- Installed: 10 April 1922
- Term ended: 31 January 1945
- Predecessor: John Joseph Hirth
- Successor: Laurent-François Déprimoz
- Other post: Titular Bishop of Maxula Prates (26 April 1922–31 January 1945)

Orders
- Ordination: 31 March 1900 by Léon Livinhac
- Consecration: 28 May 1922 by Désiré-Joseph Mercier

Personal details
- Born: 28 June 1874 Metz, France
- Died: 31 January 1945 (aged 70) Usumbura, Ruanda-Urundi
- Denomination: Catholic

= Léon-Paul Classe =

Catholic bishop (1874–1945)

Léon-Paul Classe, M.Afr. (28 June 1874 – 31 January 1945) was a Catholic priest who was Vicar Apostolic of the Apostolic Vicariate of Ruanda, in what is now Rwanda, from 1922 until his death in 1945. During his time as a missionary priest and then bishop a great many Rwandans were converted to Christianity. Classe was influential in persuading the Belgian colonial administration to favor the Tutsis as a ruling caste in the country over the Hutu majority.

==Early years==

Léon-Paul Classe was born on 28 June 1874 in Metz, France. When he was aged six his family moved to Paris. For his secondary education he attended Saint-Nicolas-du-Chardonnet and then the junior seminary of Versailles.
He went to the major seminary of Issy-les-Moulineux to study philosophy. In 1896 he was accepted into the White Fathers (Society of the Missionaries of Africa). On 31 March 1900 he was ordained a priest by Léon Livinhac, the Superior General of the Society. Several months later he was sent to John Joseph Hirth, Vicar Apostolic of Southern Nyanza, as an assistant.

==Missionary==

Classe was one of the first two missionaries to be sent to Rwanda.
The ruler, King Musinga, was at first hostile to his mission. Later, Classe was allowed to make many converts. In Rwanda he helped found the missions of Nyundo and Rwaza (north).
In 1907 Hirth named him delegate vicar general in Rwanda., On 12 December 1912, Jean-Joseph Hirth was appointed the first Vicar Apostolic of Kivu,
which covered modern Rwanda and Burundi. Hirth named Classe his vicar general in Rwanda.

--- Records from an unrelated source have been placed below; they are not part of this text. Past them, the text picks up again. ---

(* Both jump chains of the theorem are nearest-neighbour chains on N in
   disguise: the birth-death process trivially, and the spider walk after
   enumerating its configurations as (0,1), (0,2), (1,2), (1,3), (2,3), ...,
   a configuration having exactly the previous and the next one as
   neighbours.  For a nearest-neighbour chain with up-probabilities p the
   probability of hitting j within n steps is the n-th iterate of an explicit
   one-step operator [hit_step]; these iterates increase to a fixed point of
   the operator, and the return probability to j is its value at j.

   - Recurrence (birth-death process, p_i = (2i+1)/(4i)): the fixed point,
     set to 1 at j, is harmonic off j; it is constant below j, and above j
     its increments are proportional to 1/(2i+1), whose sum diverges, so a
     bounded harmonic function is constant and the return probability is 1.
   - Transience (spider walk): the profile (j+2)/(i+2) beyond j is excessive
     under a drift condition satisfied by the spider's up-probabilities, so
     it dominates all iterates and bounds the return probability below 1. *)

Definition with_target (j : nat) (g : nat -> R) (k : nat) : R :=
  if Nat.eqb k j then 1 else g k.

Definition hit_step (p : nat -> R) (j : nat) (g : nat -> R) (i : nat) : R :=
  match i with
  | O => with_target j g 1
  | S k => p i * with_target j g (S i) + (1 - p i) * with_target j g k
  end.

(* Probability, started at i, of visiting j at one of the times 1, ..., n. *)
Definition hit_within (p : nat -> R) (j n : nat) : nat -> R :=
  Nat.iter n (hit_step p j) (fun _ => 0).

Lemma cv_const (c : R) : Un_cv (fun _ => c) c.
Proof. intros e He; exists O; intros; unfold Rdist; rewrite Rminus_diag, Rabs_R0; lra. Qed.

Lemma cv_succ (u : nat -> R) (l : R) : Un_cv u l -> Un_cv (fun n => u (S n)) l.
Proof.
  intros Hu; apply (Un_cv_ext (fun n => u (n + 1)%nat)).
  - intros n; rewrite Nat.add_1_r; reflexivity.
  - apply CV_shift'; exact Hu.
Qed.

Lemma with_target_fixed (j : nat) (g : nat -> R) (k : nat) :
  g j = 1 -> with_target j g k = g k.
Proof. intros Hj; unfold with_target; destruct (Nat.eqb_spec k j); subst; auto. Qed.

Lemma with_target_off (j : nat) (g : nat -> R) (k : nat) :
  k <> j -> with_target j g k = g k.
Proof. intros Hk; unfold with_target; apply Nat.eqb_neq in Hk; rewrite Hk; reflexivity. Qed.

Section HittingProbabilities.

Variables (p : nat -> R) (j : nat).
Hypothesis p_prob : forall k, 0 <= p (S k) <= 1.

Lemma hit_step_mono (g h : nat -> R) (i : nat) :
  (forall k, g k <= h k) -> hit_step p j g i <= hit_step p j h i.
Proof.
  intros Hgh.
  assert (Hw : forall k, with_target j g k <= with_target j h k).
  { intros k; unfold with_target; destruct (Nat.eqb k j); [lra | apply Hgh]. }
  destruct i as [|k]; cbn [hit_step]; [apply Hw|].
  pose proof (p_prob k).
  apply Rplus_le_compat; apply Rmult_le_compat_l; auto; lra.
Qed.

Lemma hit_step_bounds (g : nat -> R) (i : nat) :
  (forall k, 0 <= g k <= 1) -> 0 <= hit_step p j g i <= 1.
Proof.
  intros Hg.
  assert (Hw : forall k, 0 <= with_target j g k <= 1).
  { intros k; unfold with_target; destruct (Nat.eqb k j); [lra | apply Hg]. }
  destruct i as [|k]; cbn [hit_step]; [apply Hw|].
  pose proof (p_prob k); pose proof (Hw (S (S k))); pose proof (Hw k); nra.
Qed.

Lemma hit_step_ext (g h : nat -> R) (i : nat) :
  (forall k, k <> j -> g k = h k) -> hit_step p j g i = hit_step p j h i.
Proof.
  intros Hgh.
  assert (Hw : forall k, with_target j g k = with_target j h k).
  { intros k; unfold with_target; destruct (Nat.eqb_spec k j); auto. }
  destruct i; cbn [hit_step]; rewrite ?Hw; reflexivity.
Qed.

Lemma hit_step_ones (g : nat -> R) (i : nat) :
  (forall k, (k <= S i)%nat -> g k = 1) -> hit_step p j g i = 1.
Proof.
  intros Hg.
  assert (Hw : forall k, (k <= S i)%nat -> with_target j g k = 1).
  { intros k Hk; unfold with_target; destruct (Nat.eqb k j); auto. }
  destruct i as [|k]; cbn [hit_step]; [apply Hw; lia|].
  rewrite !Hw by lia; ring.
Qed.

Lemma hit_within_S (n : nat) :
  hit_within p j (S n) = hit_step p j (hit_within p j n).
Proof. reflexivity. Qed.

Lemma hit_within_bounds (n i : nat) : 0 <= hit_within p j n i <= 1.
Proof.
  revert i; induction n as [|n IH]; intros i.
  - simpl; lra.
  - rewrite hit_within_S; apply hit_step_bounds; exact IH.
Qed.

Lemma hit_within_increasing (n i : nat) : hit_within p j n i <= hit_within p j (S n) i.
Proof.
  revert i; induction n as [|n IH]; intros i.
  - apply hit_within_bounds.
  - apply (hit_step_mono (hit_within p j n) (hit_within p j (S n))); exact IH.
Qed.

Classe was an admirer of the Tutsi elite, whom he considered natural rulers of the country. In Classe's view, the political structure of Rwanda was much like the feudal structure of the Middle Ages in Europe. As a presumed expert on the country, his 1916 paper on the political organization had great influence on the thinking of the Belgian administration,
which came to support the leadership position of the Tutsis.

In 1920, when the territories of German East Africa were being divided by the victors of World War I, there was debate between the Belgians and British over the boundaries of Rwanda. The Belgian colonial authorities asked Hirth for a study of the effect of ceding part of the east of the country to the British, and Hirth delegated the task to Classe. Classe gave his work to the colonial authorities before leaving Rwanda for Algeria on 20 August 1920.
His work, full of praise for the unique African country with its Tutsi aristocracy, was submitted as a memorandum to the British in March 1922.
It was influential in preventing the partition of the country.

==Bishop==

Classe was recalled in 1920 due to disagreements among the missionaries over how much they should be involved in politics. In Europe, his superiors became fully confident in his capability, and his assistance in the question of the eastern boundaries gained him the support of the Belgian colonial ministry. The Apostolic Vicariate of Ruanda was created on 25 April 1922 from the northern part of the former Apostolic Vicariate of Kivu, serving the territory of what is now Rwanda.
Classe was appointed Vicar Apostolic of Ruanda on 10 April 1922, and on 26 April 1922 was appointed Titular Bishop of Maxula Prates.

Classe remained a committed supporter of the Tutsi ruling class. In a letter to the resident Belgian commissioner on 21 September 1927 he said that the young Tutsis would be a great help in helping the colony advance. The Hutus would much rather receive orders from the Tutsi nobles than from commoners, he claimed. In 1930 he again said that suppressing the Tutsi caste would cause great damage, leading to anarchy and viciously anti-European communism. He felt the Tutsis were intelligent, active, and able to understand progressive ideas.

Classe played an important role in the deposition of King Yuhi V Musinga in 1931 and in the choice of his successor, Mutara III Rudahigwa, who was a Catholic catechist at the time. By 1943, all but two of the 52 chiefs of Rwanda were Christian. That year , Classe baptized King Mutara III Rudahigwa in a ceremony attended by the chiefs. Classe also designed many of the church buildings in Rwanda.

Classe died in Bujumbura, Burundi, on 31 January 1945 and was succeeded by Laurent-François Déprimoz. Classe was interred in what was then the cathedral of Kabgayi.